- _MATERIAL SUPPLIED_:
————————
(* For every connected graph $H$ with at least two vertices, $m(H)\ge 2^{\lfloor k'(H)/2\rfloor}$, where $k'(H)$ is the edge connectivity of $H$.
   Context: All graphs are finite and simple. The edge connectivity $k'(H)$ is the minimum number of edges whose removal disconnects $H$. For graphs $G_1=(V,E_1)$, $G_2=(V,E_2)$, their symmetric difference is $(V,E_1\oplus E_2)$, where $E_1\oplus E_2$ is the set of edges in exactly one of $E_1,E_2$. A connectivity code for $H=(V,E)$ is a collection of distinct spanning subgraphs $(V,E')$, $E'\subseteq E$, such that the symmetric difference of any two distinct members is a connected graph on $V$; $m(H)$ is the maximum cardinality of a connectivity code for $H$. *)

From mathcomp Require Import all_boot.
Set Implicit Arguments. Unset Strict Implicit. Unset Printing Implicit Defensive.

(* A finite simple graph on vertex type V is given by its edge set
   E : {set {set V}}, every edge being a 2-element subset of V. *)
Definition simple_graph (V : finType) (E : {set {set V}}) : Prop :=
  forall e, e \in E -> #|e| = 2.

Definition adj (V : finType) (E : {set {set V}}) : rel V :=
  fun x y => (x != y) && ([set x; y] \in E).

Definition connectedb (V : finType) (E : {set {set V}}) : bool :=
  [forall x, forall y, connect (adj E) x y].

Definition edge_conn (V : finType) (E : {set {set V}}) : nat :=
  \big[minn/#|E|]_(S in powerset E | ~~ connectedb (E :\: S)) #|S|.

Definition symdiff (V : finType) (A B : {set {set V}}) : {set {set V}} :=
  (A :\: B) :|: (B :\: A).

(* connectivity code: a family of spanning subgraphs (edge subsets of E),
   distinct by construction as a set, whose pairwise symmetric differences
   are connected graphs on V *)
Definition conn_code (V : finType) (E : {set {set V}})
    (C : {set {set {set V}}}) : bool :=
  [forall F in C, F \subset E] &&
  [forall F1 in C, forall F2 in C, (F1 != F2) ==> connectedb (symdiff F1 F2)].

Definition m_code (V : finType) (E : {set {set V}}) : nat :=
  \max_(C : {set {set {set V}}} | conn_code E C) #|C|.

From mathcomp Require Import all_boot all_order zify.
Set Implicit Arguments. Unset Strict Implicit. Unset Printing Implicit Defensive.

(* Put k = k'(H) / 2, so that 2k <= k'(H).  The heart of the proof is the
   Nash-Williams--Tutte tree packing theorem: E contains k pairwise disjoint
   edge sets F_1, ..., F_k each of which is a connected spanning subgraph.
   The 2^k unions U_S of the F_i over the subsets S of {1, ..., k} then form
   a connectivity code: if i lies in S but not in S', the symmetric
   difference of U_S and U_S' contains F_i, hence is connected.

   The packing theorem is
   then proved by the classical exchange argument: take k disjoint forests of
   maximum total size, call an edge free when some family reachable by
   single-edge exchanges leaves it uncovered, and show that each forest,
   restricted to the free edges, has the components of the free edges.  If
   some forest were disconnected, there would be c >= 2 free components; each
   is separated from the rest by at least 2k crossing edges, whereas the
   forests can cover at most k * c - (k + 1) of them. *)

Lemma connect_propagate (T : finType) (r : rel T) (P : T -> Prop) a b :
  connect r a b -> P a -> (forall b c, P b -> r b c -> P c) -> P b.
Proof.
move=> /connectP[p path_p ->] Pa Pr.
elim: p a Pa path_p => [|c p IHp] a Pa //= /andP[rac path_p].
exact: IHp (Pr _ _ Pa rac) path_p.
Qed.

Lemma card_bigcup_le (I T : finType) (A : I -> {set T}) :
  #|\bigcup_i A i| <= \sum_i #|A i|.
Proof.
elim/big_rec2: _ => [|i n S _ IH]; first by rewrite cards0.
by apply: leq_trans (leq_card_setU _ _) _; rewrite leq_add2l.
Qed.

Lemma double_count (I J : finType) (A : {set I}) (B : {set J}) (R : I -> J -> bool) :
  \sum_(i in A) #|[set j in B | R i j]| = \sum_(j in B) #|[set i in A | R i j]|.
Proof.
have card_sum (T : finType) (C : {set T}) (P : pred T) :
    #|[set t in C | P t]| = \sum_(t in C) P t.
  rewrite -sum1_card (eq_bigl (fun t => (t \in C) && P t)) => [|t]; last by rewrite inE.
  by rewrite big_mkcondr; apply: eq_bigr => t _; case: (P t).
rewrite (eq_bigr _ (fun i _ => card_sum _ _ _)) exchange_big.
by apply: eq_bigr => j _; rewrite card_sum.
Qed.

Section Linked.
Variable V : finType.
Implicit Types (B F H K : {set {set V}}) (e : {set V}) (x y a b c : V).

Definition linked H : rel V := connect (adj H).

Lemma adj_sym H : symmetric (adj H).
Proof. by move=> x y; rewrite /adj eq_sym setUC. Qed.

Lemma linked_sym H x y : linked H x y = linked H y x.
Proof. exact: (sym_connect_sym (adj_sym H)). Qed.

Lemma linked_edge H x y : x != y -> [set x; y] \in H -> linked H x y.
Proof. by move=> nxy xyH; apply: connect1; rewrite /adj nxy. Qed.
(* Let $\circ$ be an alternative operation on $V=\mathbb{F}_2^s$ such that $\dim W_\circ=s-3$. Then $\dim U_\circ\in\{2,3\}$.
   Context: An alternative operation on $V$ is defined from an elementary abelian $2$-subgroup $T<\mathrm{AGL}(V,+)$ acting regularly on $V$: with $\tau_a$ the unique element of $T$ sending $0$ to $a$ (postfix notation), $a\circ b:=a\tau_b$. It is assumed that the xor-translations $x\mapsto x+a$ lie in the normaliser of $T$ in $\mathrm{Sym}(V)$. The weak key space is $W_\circ=\{k: x\circ k=x+k\ \forall x\in V\}$; the product is $a\cdot b:=a+b+a\circ b$ and the error space is $U_\circ=\{a\cdot b: a,b\in V\}$. *)

From HB Require Import structures.
From mathcomp Require Import all_boot all_order all_algebra all_fingroup all_field.
Set Implicit Arguments. Unset Strict Implicit. Unset Printing Implicit Defensive.
Import GRing.Theory.
Local Open Scope ring_scope.

Notation V s := 'rV['F_2]_s.

Definition transl_fun s (a : V s) (x : V s) : V s := x + a.
Lemma transl_inj s (a : V s) : injective (transl_fun a).
Proof. by move=> x y; rewrite /transl_fun => /addIr. Qed.
Definition transl s (a : V s) : {perm V s} := perm (@transl_inj s a).

Definition is_affine s (t : {perm V s}) : Prop :=
  exists (A : 'M['F_2]_s) (b : V s), A \in unitmx /\ forall x, t x = x *m A + b.

Definition translation_group s (T : {group {perm V s}}) : Prop :=
  [/\ (forall t, t \in T -> is_affine t),
      abelian T,
      (forall t, t \in T -> t ^+ 2 = 1)%g,
      (forall x y : V s, exists! t, t \in T /\ t x = y) &
      (forall a : V s, transl a \in 'N(T)%g)].

Definition tau s (T : {group {perm V s}}) (a : V s) : {perm V s} :=
  odflt 1%g [pick t in T | t 0 == a].

(* a o b := a tau_b (postfix notation: tau_b applied to a) *)
Definition circ s (T : {group {perm V s}}) (a b : V s) : V s := tau T b a.

Definition Wcirc s (T : {group {perm V s}}) : {set V s} :=
  [set k | [forall x, circ T x k == x + k]].

Definition dotc s (T : {group {perm V s}}) (a b : V s) : V s := a + b + circ T a b.

Definition Ucirc s (T : {group {perm V s}}) : {set V s} :=
  [set dotc T ab.1 ab.2 | ab in [set: V s * V s]].

Definition dimset s (A : {set V s}) : nat := \dim <<enum A>>%VS.

From HB Require Import structures.
From mathcomp Require Import all_boot all_order all_algebra all_fingroup all_field.
Import GRing.Theory.
Local Open Scope ring_scope.

(* The product [a . b = a + b + a o b] is an alternating bilinear map on V
   whose radical [{k | forall x, x . k = 0}] is W; this only uses that T is an
   abelian group of affine involutions acting regularly.  Write V = W + C with
   C spanned by e1, e2, e3.  Then U is spanned by e1.e2, e1.e3, e2.e3, so
   dim U <= 3.  If U were contained in a line <u>, say e1.e2 = al u,
   e1.e3 = be u, e2.e3 = ga u, then ga e1 - be e2 + al e3 would lie in C and in
   the radical, hence vanish; so al = be = ga = 0 and e1 would lie in the
   radical too, a contradiction.  (This is the parity of the rank of an
   alternating form: the codimension 3 of the radical is odd.) *)

Section VectorFacts.
Variables (K : fieldType) (vT : vectType K).

Lemma vline_vpick (U : {vspace vT}) : (\dim U <= 1)%N -> U = <[vpick U]>%VS.
Proof.
have [-> _|nzU dimU] := eqVneq U 0%VS.
  by apply/eqP; rewrite eq_sym -dimv_eq0 dim_vline vpick0 eqxx.
by apply/eqP; rewrite eq_sym eqEdim -memvE memv_pick dim_vline vpick0 nzU.
Qed.

Lemma free3_lincomb_eq0 (e1 e2 e3 : vT) a b c : free [:: e1; e2; e3] ->
  a *: e1 + b *: e2 + c *: e3 = 0 -> [/\ a = 0, b = 0 & c = 0].
Proof.
move=> /(freeP (X := [tuple e1; e2; e3])) freeE abc0.
have /freeE coef0 : \sum_(i < 3) [:: a; b; c]`_i *: [tuple e1; e2; e3]`_i = 0.
  by rewrite !big_ord_recl big_ord0 /= addr0 addrA abc0.
by split; [apply: (coef0 0) | apply: (coef0 1) | apply: (coef0 2)].
Qed.
End VectorFacts.

Section BilinearSpan.
Variables (K : fieldType) (uT vT wT : vectType K) (p : {bilinear uT -> vT -> wT}).

Lemma bilinear_span_subv (X : seq uT) (Y : seq vT) (S : {vspace wT}) :
    (forall x y, x \in X -> y \in Y -> p x y \in S) ->
  forall x y, x \in <<X>>%VS -> y \in <<Y>>%VS -> p x y \in S.
Proof.
move=> pXY x y /(coord_span (X := in_tuple X))-> /(coord_span (X := in_tuple Y))->.
rewrite linear_sumlz; apply: memv_suml => i _; rewrite linearZl_LR.
rewrite linear_sumr; apply: memvZ; apply: memv_suml => j _; rewrite linearZ.
by apply/memvZ/pXY; apply: mem_nth.
Qed.
End BilinearSpan.

Section AlternatingCodim3.
Variables (K : fieldType) (vT wT : vectType K) (p : {bilinear vT -> vT -> wT}).
Hypothesis p_alt : forall a, p a a = 0.

Lemma alternating_antisym a b : p b a = - p a b.
Proof.
have := p_alt (a + b); rewrite linearDl !linearDr !p_alt add0r addr0 => /eqP.
by rewrite addr_eq0 => /eqP->; rewrite opprK.
Qed.

Variable W : {vspace vT}.
Hypothesis memW_radical : forall k, k \in W <-> forall x, p x k = 0.

Lemma radicalWl w x : w \in W -> p w x = 0.
Proof.
move=> /memW_radical/(_ x); rewrite alternating_antisym => /eqP.
by rewrite oppr_eq0 => /eqP.
Qed.

Section ComplementBasis.
Context {e1 e2 e3 : vT}.
Hypothesis basisE : basis_of W^C%VS [:: e1; e2; e3].
Local Notation E := [:: e1; e2; e3].

Lemma span_basisE : <<E>>%VS = W^C%VS.
Proof. by case/andP: basisE => /eqP. Qed.

Lemma radical_complement_decomp x :
  exists w c, [/\ w \in W, c \in <<E>>%VS & x = w + c].
Proof.
have /memv_addP[w wW [c cE ->]] : x \in (W + W^C)%VS by rewrite addv_complf memvf.
by exists w, c; rewrite span_basisE.
Qed.

Lemma p_complement_repr x y :
  exists c c', [/\ c \in <<E>>%VS, c' \in <<E>>%VS & p x y = p c c'].
Proof.
have [w [c [wW cE ->]]] := radical_complement_decomp x.
have [w' [c' [wW' cE' ->]]] := radical_complement_decomp y.
exists c, c'; split=> //.
by rewrite linearDl radicalWl // add0r linearDr (proj1 (memW_radical _) wW') add0r.
Qed.

Lemma complement_radical_eq0 y : y \in <<E>>%VS ->
  p e1 y = 0 -> p e2 y = 0 -> p e3 y = 0 -> y = 0.
Proof.
move=> yE p1 p2 p3; apply/eqP.
rewrite -memv0 -(capv_compl W) memv_cap -span_basisE yE andbT.
apply/memW_radical => x; have [w [c [wW cE ->]]] := radical_complement_decomp x.
rewrite linearDl radicalWl // add0r; apply/eqP; rewrite -memv0.
apply: (@bilinear_span_subv _ _ _ _ _ E [:: y]) cE (memv_span1 y) => x' y'.
by rewrite !inE => /or3P[]/eqP-> /eqP->; rewrite ?p1 ?p2 ?p3 mem0v.
Qed.

Lemma alternating_image_span a b : p a b \in <<[:: p e1 e2; p e1 e3; p e2 e3]>>%VS.
Proof.
have [c [c' [cE cE' ->]]] := p_complement_repr a b.
have inS z : z \in [:: p e1 e2; p e1 e3; p e2 e3] ->
    z \in <<[:: p e1 e2; p e1 e3; p e2 e3]>>%VS by exact: memv_span.
set S := <<_>>%VS in inS *.
apply: bilinear_span_subv cE cE' => x y.
rewrite !inE => /or3P[]/eqP-> /or3P[]/eqP->;
  rewrite ?p_alt ?mem0v ?(alternating_antisym e1 e2) ?(alternating_antisym e1 e3)
  ?(alternating_antisym e2 e3) ?memvN //;
  by apply: inS; rewrite !inE eqxx ?orbT.
Qed.

Lemma alternating_image_not_in_line u : ~ (forall a b, p a b \in <[u]>%VS).
Proof.
move=> inu.
have [al p12] := vlineP _ _ (inu e1 e2).
have [be p13] := vlineP _ _ (inu e1 e3).
have [ga p23] := vlineP _ _ (inu e2 e3).
have memE x : x \in E -> x \in <<E>>%VS by exact: memv_span.
pose y := ga *: e1 + (- be) *: e2 + al *: e3.
have yE : y \in <<E>>%VS by rewrite !memvD ?memvZ ?memE // !inE eqxx ?orbT.
have /free3_lincomb_eq0 : y = 0.
  apply: complement_radical_eq0 => //;
    rewrite !linearDr !linearZr_LR p_alt scaler0 ?(add0r, addr0)
    ?(alternating_antisym e1 e2) ?(alternating_antisym e1 e3)
    ?(alternating_antisym e2 e3) ?p12 ?p13 ?p23 ?scalerN !scalerA -?scaleNr -scalerDl;
  by rewrite ?mulNr ?opprK mulrC addNr scale0r.
have freeE := basis_free basisE.
case/(_ freeE) => ga0 /eqP; rewrite oppr_eq0 => /eqP be0 al0.
have /eqP := free_not0 freeE (mem_head e1 [:: e2; e3]); apply.
apply: complement_radical_eq0; rewrite ?memE ?mem_head ?p_alt //.
  by rewrite alternating_antisym p12 al0 scale0r oppr0.
by rewrite alternating_antisym p13 be0 scale0r oppr0.
Qed.
End ComplementBasis.

Hypothesis codimW : (\dim {:vT} - \dim W)%N = 3.

Lemma complement_basis3 : exists e1 e2 e3, basis_of W^C%VS [:: e1; e2; e3].
Proof.
have := vbasisP W^C%VS; have := size_tuple (vbasis W^C%VS).
case: (vbasis _) => X _ /=; rewrite dimv_compl codimW.
case: X => [|e1 [|e2 [|e3 []]]] //= _ basisE.
by exists e1, e2, e3.
Qed.

Theorem dim_alternating_image_span (U : {vspace wT}) :
    (forall a b, p a b \in U) ->
    (forall U' : {vspace wT}, (forall a b, p a b \in U') -> (U <= U')%VS) ->
  \dim U \in [:: 2%N; 3%N].
Proof.
move=> pU minU; have [e1 [e2 [e3 basisE]]] := complement_basis3.
have le3 : (\dim U <= 3)%N.
  apply: leq_trans (dim_span [:: p e1 e2; p e1 e3; p e2 e3]).
  exact/dimvS/minU/alternating_image_span.
have gt1 : (1 < \dim U)%N.
  rewrite ltnNge; apply/negP => /vline_vpick Uline.
  by apply: (alternating_image_not_in_line basisE (vpick U)) => a b; rewrite -Uline.
by move: gt1 le3; case: (\dim U) => [|[|[|[|]]]].
Qed.
End AlternatingCodim3.

Lemma addrr_F2 (M : lmodType 'F_2) (v : M) : v + v = 0.
Proof. by rewrite -[v]scale1r -scalerDl (addrr_pchar2 (pchar_Fp (isT : prime 2))) scale0r. Qed.

Lemma oppr_F2 (M : lmodType 'F_2) (v : M) : - v = v.
Proof. by apply/eqP; rewrite eq_sym -subr_eq0 opprK addrr_F2. Qed.

Section TranslationGroup.
Context {s : nat} {T : {group {perm 'rV['F_2]_s}}}.
Hypothesis TG : translation_group T.

Lemma tau_spec b : tau T b \in T /\ tau T b 0 = b.
Proof.
case: TG => _ _ _ regT _; rewrite /tau; case: pickP => [t /andP[tT /eqP] //|noT].
by have [t [[tT t0] _]] := regT 0 b; move: (noT t); rewrite tT t0 eqxx.
Qed.

Lemma circC a b : circ T a b = circ T b a.
Proof.
case: TG => _ abT _ _ _; have [taT ta0] := tau_spec a; have [tbT tb0] := tau_spec b.
have -> : circ T a b = (tau T a * tau T b)%g 0 by rewrite permM ta0.
have -> : circ T b a = (tau T b * tau T a)%g 0 by rewrite permM tb0.
by rewrite (centsP abT _ taT _ tbT).
Qed.

Lemma circxx a : circ T a a = 0.
Proof.
case: TG => _ _ invT _ _; have [taT ta0] := tau_spec a.
have -> : circ T a a = (tau T a * tau T a)%g 0 by rewrite permM ta0.
by rewrite -expg2 invT // perm1.
Qed.

Lemma dotcC a b : dotc T a b = dotc T b a.
Proof. by rewrite /dotc circC (addrC a). Qed.

Lemma dotcxx a : dotc T a a = 0.
Proof. by rewrite /dotc circxx addrr_F2 addr0. Qed.

Lemma dotc_linearl b : linear (dotc T ^~ b).
Proof.
case: TG => affT _ _ _ _; have [tbT tb0] := tau_spec b.
have [A [c [_ tbE]]] := affT _ tbT.
have dotcE x : dotc T x b = x *m (1%:M + A).
  (* tau_b 0 = b forces the translation part of tau_b to be b *)
  rewrite /dotc /circ tbE -[c]add0r -(mul0mx _ A) -tbE tb0.
  by rewrite mulmxDr mulmx1 addrACA addrr_F2 addr0.
by move=> k x y; rewrite !dotcE mulmxDl scalemxAl.
Qed.

Lemma dotc_linearr a : linear (dotc T a).
Proof. by move=> k x y; rewrite !(dotcC a) dotc_linearl. Qed.

Definition dotc_bilinear : {bilinear 'rV['F_2]_s -> 'rV['F_2]_s -> 'rV['F_2]_s} :=
  HB.pack (dotc T)
    (bilinear_isBilinear.Build _ _ _ _ _ _ (dotc T) (dotc_linearl, dotc_linearr)).

Lemma dotc_eq0 x k : (dotc T x k == 0) = (circ T x k == x + k).
Proof. by rewrite /dotc addrC addr_eq0 oppr_F2. Qed.

Lemma memv_Wcirc k : k \in <<enum (Wcirc T)>>%VS <-> forall x, dotc T x k = 0.
Proof.
split=> [kW x|k0]; last first.
  by apply: memv_span; rewrite mem_enum inE; apply/forallP => x; rewrite -dotc_eq0 k0.
apply/eqP; rewrite -memv0.
apply: (@bilinear_span_subv _ _ _ _ dotc_bilinear [:: x] (enum (Wcirc T))) (memv_span1 x) kW.
move=> _ w /[!inE] /eqP->; rewrite mem_enum inE => /forallP/(_ x).
by rewrite -dotc_eq0 memv0.
Qed.

End TranslationGroup.

Theorem proposition5 (s : nat) (T : {group {perm 'rV['F_2]_s}}) :
  translation_group T -> (3 <= s)%N ->
  dimset (Wcirc T) = (s - 3)%N ->
  dimset (Ucirc T) \in [:: 2%N; 3%N].
Proof.
move=> TG s_ge3 dimW.
have codimW : (\dim {:'rV['F_2]_s} - \dim <<enum (Wcirc T)>>)%N = 3.
  rewrite dimvf dim_matrix mul1r.
  by move: dimW; rewrite /dimset => ->; rewrite subKn.
have memU a b : dotc T a b \in enum (Ucirc T).
  by rewrite mem_enum; apply/imsetP; exists (a, b).
apply: (@dim_alternating_image_span _ _ _ (dotc_bilinear TG) (dotcxx TG) _
          (memv_Wcirc TG) codimW).
  by move=> a b; apply/memv_span/memU.
move=> U' pU'; apply/span_subvP => u.
by rewrite mem_enum => /imsetP[[a b] _ ->]; apply: pU'.
Qed.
————————
- _WHAT THE TASK ASKS_: Would you please copy, word for word, everything above from the line containing "case: TG => _ abT" down to the line containing "Lemma dotcxx a : dotc T a a = 0.", those two lines included?

- _TASK RESULT_:
case: TG => _ abT _ _ _; have [taT ta0] := tau_spec a; have [tbT tb0] := tau_spec b.
have -> : circ T a b = (tau T a * tau T b)%g 0 by rewrite permM ta0.
have -> : circ T b a = (tau T b * tau T a)%g 0 by rewrite permM tb0.
by rewrite (centsP abT _ taT _ tbT).
Qed.

Lemma circxx a : circ T a a = 0.
Proof.
case: TG => _ _ invT _ _; have [taT ta0] := tau_spec a.
have -> : circ T a a = (tau T a * tau T a)%g 0 by rewrite permM ta0.
by rewrite -expg2 invT // perm1.
Qed.

Lemma dotcC a b : dotc T a b = dotc T b a.
Proof. by rewrite /dotc circC (addrC a). Qed.

Lemma dotcxx a : dotc T a a = 0.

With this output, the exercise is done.